The coolness with which Sir Henry Bulwer states this desecration can only be compared with the absurdity in the line of argument with which Talleyrand advocated the measure. If some Bishop Colenso in the House of Lords should propose the seizure and confiscation of the wealth of the Anglican Establishment, the question would appear in a different aspect to the British diplomatist. He would view it with horror. In either case, however, the measure would be infamous. Governments are instituted to protect property, not to squander it; and the only difference between that which is held by an individual for himself and that which is held in trust for the benefit of others, is in the circumstance that whatever is in trust is, in the public estimation, more sacred, because it is preserved for the welfare of the poor, the weak, the ignorant or infirm of mind, who cannot provide for themselves; just as the state extends a more paternal care over the property of infants, idiots, or orphans, than over the interests of men and women of full growth and sound mind. If a call must be made in a sudden exigency for funds, what government, not demented, would spare the mercantile houses of the rich, to sequestrate and spoliate the hospitals for the helpless?

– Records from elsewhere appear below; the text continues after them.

(* Let $\alpha\in\Lambda^+(r)$, and let $\Theta: e\mathbf H_r(0)\,\phi(e_\alpha)\to(e_\alpha\mathbf H_r(0)e)^*$ be defined by $\Theta(eh\,\phi(e_\alpha))(x)=\varepsilon(xh)$ for $h\in\mathbf H_r(0)$ and $x\in e_\alpha\mathbf H_r(0)e$. Then $\Theta$ is a well-defined isomorphism of left $e\mathbf H_r(0)e$-modules.
   Context: $\mathbf H_r(0)$ is the $0$-Hecke algebra over $\mathbb C$, generated by $\bar\pi_1,\dots,\bar\pi_{r-1}$ with $\bar\pi_i^2=-\bar\pi_i$, the braid relations, and far commutation. Set $\pi_i=\bar\pi_i+1$; for $w\in\mathfrak S_r$ with reduced word $s_{i_1}\cdots s_{i_p}$, $\pi_w=\pi_{i_1}\cdots\pi_{i_p}$. $w_0$ is the longest element of $\mathfrak S_r$. $\varepsilon:\mathbf H_r(0)\to\mathbb C$ is the linear functional with $\varepsilon(\pi_w)=1$ if $w=w_0$ and $0$ otherwise. $\phi:\mathbf H_r(0)\to\mathbf H_r(0)$ is the algebra involution $\pi_i\mapsto\pi_{r-i}$; it is the Nakayama automorphism for $\varepsilon$, i.e. $\varepsilon(ab)=\varepsilon(b\phi(a))$. $\Lambda^+(r)$ is the set of strong compositions of $r$ and $\ell(\alpha)$ the number of parts. $\{e_\beta:\beta\in\Lambda^+(r)\}$ is a complete set of primitive orthogonal idempotents of $\mathbf H_r(0)$ such that $\mathbf H_r(0)e_\beta$ is the projective indecomposable module with top the simple module indexed by $\beta$. Fix $n$ and put $e=\sum_{\beta\in\Lambda^+(r),\ \ell(\beta)\le n}e_\beta$. The left $e\mathbf H_r(0)e$-module structure on $(e_\alpha\mathbf H_r(0)e)^*$ is $(y\cdot\delta)(x)=\delta(xy)$ for $y\in e\mathbf H_r(0)e$; the one on $e\mathbf H_r(0)\phi(e_\alpha)$ is left multiplication. *)

From HB Require Import structures.
From mathcomp Require Import all_boot all_order all_fingroup all_algebra all_field.
Set Implicit Arguments. Unset Strict Implicit. Unset Printing Implicit Defensive.
Import Order.TTheory GRing.Theory Num.Theory.
Local Open Scope ring_scope.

Talleyrand considered the church property as public property; but this view, plausible at first sight, is found on reflection to be fallacious. It was not derived from the nation, nor from the public, but from individuals, and from its own accumulations; it was not designed for the benefit of the public, but for a specific class of the people—the needy—to which class the mass of the community did not belong, and, furthermore, hoped they never would. So much for the bishop's premises and argument. But a stronger objection remains: it is the broad principle of the invasion of private rights, of common justice; and when that principle is once rendered unstable by common consent, the stability of all public opinion, of all civil institutions, of all organized government, is shaken; the state is liable to be overturned. When the National Assembly deemed it proper for the public good to confiscate the church property, the Legislative Assembly followed the example set to deprive persons of their liberty, and the National Convention next voted away lives by the hecatomb daily; under the same plea, the king himself was decapitated. When the public morality was once vitiated, who could foretell where the national criminality would terminate, who or how many would not be its victims?